Coursework 1
Mathematics for Machine Learning (CO-496)
Instructions
This coursework has both writing and coding components. The coding part must
be done in python. The code will be run on the standard CSG installation and will
be tested on the labTS 1
system. On starting the course you will be given a gitlab
repository. Every commit you make to this repository can be marked automatically.
You are not permitted to use any symbolic manipulation libraries (e.g. sympy) or
automatic differentiation tools (e.g. tensorflow, pytorch) for your submitted code
(though, of course, you may find these useful for checking your answers). You
should not need to import anything other than numpy for the submitted code for this
assignment.
The writing assignment requires plots, which you can create using any method of
your choice. You should not submit the code used to create these plots.

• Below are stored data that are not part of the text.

(* Let $D=\operatorname{diag}(d_1,\dots,d_n)$ with $d_i>0$, $Q=\operatorname{diag}(q_1,\dots,q_n)$ with $q_i>0$, $1\le p\le\infty$, and $L\in\mathbb{R}^{N\times N}$ symmetric with $L\mathbf{1}=0$. Then $\mu_{p,Q}(-L\otimes D)=\mu_p(-L\otimes D)$.
   Context: On $\mathbb{R}^{nN}$, with $u=(u_1^T,\dots,u_N^T)^T$, $u_i\in\mathbb{R}^n$, define $\|u\|_{p,Q}=\big\|(\|Qu_1\|_p,\dots,\|Qu_N\|_p)^T\big\|_p$. For a norm $\|\cdot\|$, the induced logarithmic norm is $\mu(A)=\lim_{h\to0^+}\frac1h(\|I+hA\|-1)$ with the induced operator norm; $\mu_{p,Q}$ and $\mu_p$ are those induced by $\|\cdot\|_{p,Q}$ and the standard $p$-norm on $\mathbb{R}^{nN}$. *)

From HB Require Import structures.
From mathcomp Require Import all_boot all_order all_algebra.
From mathcomp Require Import all_classical all_reals all_analysis.
From mathcomp Require Import mxtens.
Set Implicit Arguments. Unset Strict Implicit. Unset Printing Implicit Defensive.
Import Order.TTheory GRing.Theory Num.Theory.
Import numFieldNormedType.Exports.
Local Open Scope ring_scope.
Local Open Scope classical_set_scope.

Section Defs.
Variable R : realType.

(* Standard p-norm on R^m, p in [1, +oo] represented as an extended real.
   (The -oo branch is never used: statements assume 1 <= p.) *)
Definition pnorm (p : \bar R) (m : nat) (v : 'I_m -> R) : R :=
  match p with
  | r%:E => (\sum_(i < m) `|v i| `^ r) `^ r^-1
  | _ => \big[Num.max/0]_(i < m) `|v i|
  end.

Definition vpnorm (p : \bar R) (m : nat) (u : 'cV[R]_m) : R :=
  pnorm p (fun i => u i 0).

(* the i-th block u_i in R^n of u in R^(N n), u = (u_1^T,...,u_N^T)^T *)
Definition blk (N n : nat) (u : 'cV[R]_(N * n)) (i : 'I_N) : 'cV[R]_n :=
  \col_(j < n) u (mxtens_index (i, j)) 0.

Definition pQnorm (p : \bar R) (N n : nat) (Q : 'M[R]_n)
    (u : 'cV[R]_(N * n)) : R :=
  pnorm p (fun i : 'I_N => vpnorm p (Q *m blk u i)).

Definition opnorm (m : nat) (nrm : 'cV[R]_m -> R) (A : 'M[R]_m) : R :=
  sup [set nrm (A *m x) / nrm x | x in [set x : 'cV[R]_m | x != 0]].

Definition lognorm (m : nat) (nrm : 'cV[R]_m -> R) (A : 'M[R]_m) : R :=
  lim ((fun h : R => (opnorm nrm (1%:M + h *: A) - 1) / h) @ 0^'+).

End Defs.

From HB Require Import structures.
From mathcomp Require Import all_boot all_order all_algebra.
From mathcomp Require Import all_classical all_reals all_analysis.
From mathcomp Require Import mxtens.
Import Order.TTheory GRing.Theory Num.Theory.
Import numFieldNormedType.Exports.
Local Open Scope ring_scope.

(* The norm ||.||_{p,Q} is the plain p-norm composed with the block-diagonal
   scaling W = I ⊗ Q, since a p-norm of p-norms over a partition of the index
   set is the p-norm over the whole index set.  Hence the operator norm of any
   matrix commuting with W is the same for both norms, and I + h(-L ⊗ D) commutes
   with W because D and Q are both diagonal. *)

Set Implicit Arguments. Unset Strict Implicit.

Lemma tens1mx1 (R : comPzRingType) (m n : nat) :
  (1%:M : 'M[R]_m) *t (1%:M : 'M[R]_n) = 1%:M.
Proof.
apply/matrixP => k l.
case: (mxtens_indexP k) => i j; case: (mxtens_indexP l) => i' j'.
by rewrite tensmxE !mxE (inj_eq (can_inj (@mxtens_indexK _ _))) xpair_eqE -natrM mulnb.
Qed.

Lemma tens1mx_unit (R : comUnitRingType) (m n : nat) (B : 'M[R]_n) :
  B \in unitmx -> (1%:M : 'M[R]_m) *t B \in unitmx.
Proof.
move=> uB; suff /mulmx1_unit[] : (1%:M *t invmx B) *m ((1%:M : 'M[R]_m) *t B) = 1%:M.
  by [].
by rewrite tensmx_mul mulmx1 mulVmx // tens1mx1.
Qed.

Section BlockNorms.
Variable R : realType.

Lemma pnorm_mxtens (p : \bar R) (N n : nat) (f : 'I_(N * n) -> R) :
  (1 <= p)%E ->
  pnorm p f = pnorm p (fun i => pnorm p (fun j => f (mxtens_index (i, j)))).
Proof.
case: p => [r| |] //= hr.
- rewrite lee_fin in hr; have r0 : r != 0 by rewrite gt_eqF // (lt_le_trans ltr01 hr).
  congr (_ `^ _).
  transitivity (\sum_(i < N) \sum_(j < n) `|f (mxtens_index (i, j))| `^ r).
    rewrite pair_big (reindex (@mxtens_index N n)) /=; first by apply: eq_bigr => -[].
    by exists (@mxtens_unindex N n) => k _; rewrite (mxtens_indexK, mxtens_unindexK).
  apply: eq_bigr => i _.
  rewrite ger0_norm ?powR_ge0 // -powRrM mulVf // powRr1 //.
  by apply: sumr_ge0 => j _; apply: powR_ge0.
- have bigmax_ge0 (I : finType) (F : I -> R) : 0 <= \big[Num.max/0]_(i : I) `|F i|.
    by apply: (big_ind (fun x : R => 0 <= x)) => // x y hx hy; rewrite le_max hx.
  apply/le_anti/andP; split.
  + apply: bigmax_le => // k _; case: (mxtens_indexP k) => i j.
    apply: le_trans (le_bigmax _ _ i).
    rewrite [X in _ <= X]ger0_norm ?bigmax_ge0 //.
    exact: (le_bigmax _ (fun j => `|f (mxtens_index (i, j))|) j).
  + apply: bigmax_le => // i _.
    rewrite [X in X <= _]ger0_norm ?bigmax_ge0 //.
    apply: bigmax_le => // j _.
    exact: (le_bigmax _ (fun k => `|f k|) (mxtens_index (i, j))).
Qed.

Lemma vpnorm_blk (p : \bar R) (N n : nat) (u : 'cV[R]_(N * n)) :
  (1 <= p)%E -> vpnorm p u = pnorm p (fun i => vpnorm p (blk u i)).
Proof.
move=> hp; rewrite /vpnorm (pnorm_mxtens _ hp); congr pnorm.
by apply: funext => i; congr pnorm; apply: funext => j; rewrite mxE.
Qed.

Lemma blk_tens1mx (N n : nat) (B : 'M[R]_n) (u : 'cV[R]_(N * n)) (i : 'I_N) :
  blk ((1%:M *t B) *m u) i = B *m blk u i.
Proof.
apply/matrixP => j z; rewrite [z]ord1 !mxE.
rewrite (reindex (@mxtens_index N n)) /=; last first.
  by exists (@mxtens_unindex N n) => k _; rewrite (mxtens_indexK, mxtens_unindexK).
pose F i' j' := (1%:M *t B) (mxtens_index (i, j)) (mxtens_index (i', j')) *
  u (mxtens_index (i', j')) 0.
rewrite (eq_bigr (fun k => F k.1 k.2)); last by case.
rewrite -(pair_bigA _ F) /F.
rewrite (bigD1 i) //= [X in _ + X]big1 ?addr0.
  by apply: eq_bigr => j' _; rewrite tensmxE !mxE eqxx mul1r.
move=> i' /negbTE ne_i'i; apply: big1 => j' _.
by rewrite tensmxE mxE eq_sym ne_i'i !mul0r.
Qed.

Lemma pQnorm_vpnorm (p : \bar R) (N n : nat) (Q : 'M[R]_n) (u : 'cV[R]_(N * n)) :
  (1 <= p)%E -> pQnorm p Q u = vpnorm p ((1%:M *t Q) *m u).
Proof.
move=> hp; rewrite (vpnorm_blk _ hp); congr pnorm.
by apply: funext => i; rewrite blk_tens1mx.
Qed.

End BlockNorms.

Section Similarity.
Variables (R : realType) (m : nat) (nrm nrm' : 'cV[R]_m -> R) (T : 'M[R]_m).
Hypotheses (T_unit : T \in unitmx) (nrmT : forall u, nrm u = nrm' (T *m u)).

Lemma opnorm_commute (A : 'M[R]_m) :
  T *m A = A *m T -> opnorm nrm A = opnorm nrm' A.
Proof.
have T_neq0 x : (T *m x != 0) = (x != 0).
  apply/negb_inj; rewrite !negbK; apply/eqP/eqP => [Tx0|->]; last exact: mulmx0.
  by rewrite -(mul1mx x) -(mulVmx T_unit) -mulmxA Tx0 mulmx0.
move=> TA; rewrite /opnorm; congr sup.
apply/seteqP; split => _ [x /= x_neq0 <-].
- exists (T *m x); first by rewrite /= T_neq0.
  by rewrite !nrmT !mulmxA TA.
- exists (invmx T *m x); first by rewrite /= -T_neq0 mulmxA mulmxV ?mul1mx.
  by rewrite !nrmT !mulmxA TA -(mulmxA A) !mulmxV // mulmx1 mul1mx.
Qed.

Lemma lognorm_commute (A : 'M[R]_m) :
  T *m A = A *m T -> lognorm nrm A = lognorm nrm' A.
Proof.
move=> TA; have opnormE h : opnorm nrm (1%:M + h *: A) = opnorm nrm' (1%:M + h *: A).
  apply: opnorm_commute.
  by rewrite mulmxDl mulmxDr mulmx1 mul1mx -scalemxAl -scalemxAr TA.
by rewrite /lognorm; under eq_fun => h do rewrite opnormE.
Qed.

End Similarity.

Theorem lemma10 (R : realType) (n N : nat) (d q : 'rV[R]_n) (p : \bar R)
    (L : 'M[R]_N) :
  (forall j, 0 < d 0 j) -> (forall j, 0 < q 0 j) ->
  (1 <= p)%E ->
  L^T = L -> L *m (const_mx 1 : 'cV[R]_N) = 0 ->
  lognorm (@pQnorm R p N n (diag_mx q)) (- (L *t diag_mx d))
  = lognorm (@vpnorm R p (N * n)) (- (L *t diag_mx d)).
Proof.
move=> _ q_gt0 p_ge1 _ _.
apply: (@lognorm_commute _ _ _ _ (1%:M *t diag_mx q)).
- apply: tens1mx_unit; rewrite unitmxE det_diag unitfE.
  by apply/prodf_neq0 => j _; rewrite gt_eqF.
- by move=> u; apply: pQnorm_vpnorm.
- by rewrite mulmxN mulNmx !tensmx_mul mul1mx mulmx1 diag_mxC.
Qed.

No aspect of your submission may be hand-drawn. You are strongly encouraged to
use LATEX to create the written component.
You are required to submit the following:
A .pdf file for your written answers, submitted through CATe
A .py file which implements all the methods for the coding exercises, submitted
through gitlab.
1https://teaching.doc.ic.ac.uk/labts
1
1 Differentiation
In this question, we define the following constants:
We define also the following functions, which are all R
2 → R
f1(x) = x
T x + x
TBx a
T x + b
T x
f2(x) = sin(x a)T(x a)+ (x b)
TB(x b)
f3(x) = 1 exp
(x a)T(x a)+ exp
a) Write f1(x) in the completed square form (x ? c)
>C(x c) + c0.
3 marks for
correct C
correct c
correct c0
lose a mark for any incorrect notation
b) Explain how you can tell that f1 has a minimum point. State the minimum value
of f1 and find the input which achieves this minimum.
2 marks for
the appropriate eigenvalues and accompanying explanation
the minimum value stated and the input which achieves this value
c) Write a python function grad_f1(x) that return the gradient for f1.
4 marks
d) Write a python function grad_f2(x) that return the gradient for f2.
6 marks
e) Optional: Write a python function grad_f3(x) that return the gradient for f3. If
you don’t do this question you still need the gradient for the next part, but you
can use an automatic differentiation package. autograd is recommended as a
good lightweight option, but you could also use e.g. pytorch, tensorflow, mxnet
or chainer.
There are no marks for this question, but you can still submit the code to labts to
verify your answer.
2
f) Use your gradients to implement a gradient descent algorithm with 50 iterations
to find a local minimum for both f2 and f3. Show the steps of your algorithm
on a contour plot of the function. Start from the point (1, 1) and state the step
size you used. Produce separate contour plots for the two functions, using first
component of x on the x axis and the second on the y.
4 marks for:
sensible scales, plots labeled, contours visible (use at least 20)
correct functions shown
gradient descent for first plot with 50 points, converging to minimum
gradient descent for second plot, converging to one of the minima
g) For the two functions f2 and f3, discuss the qualitative differences you observe
when performing gradient descent with step sizes varying between 0.1 and 1,
again starting the point (1, ?1). Briefly describe also what happens in the two
cases with grossly mis-specified step-sizes (i.e. greater than 1), with a reason to
explain the difference in behaviour.
6 marks for:
observation about number of minima for f2
observation about large stepsizes for f2
observation about number of minima for f3
observation about different behaviour for different moderate stepsizes for f3
observation about large stepsizes for f3
explanation for the difference in behaviour
版权所有:编程辅导网 2021 All Rights Reserved 联系方式:QQ:99515681 微信:codinghelp 电子信箱:99515681@qq.com
免责声明:本站部分内容从网络整理而来,只供参考!如有版权问题可联系本站删除。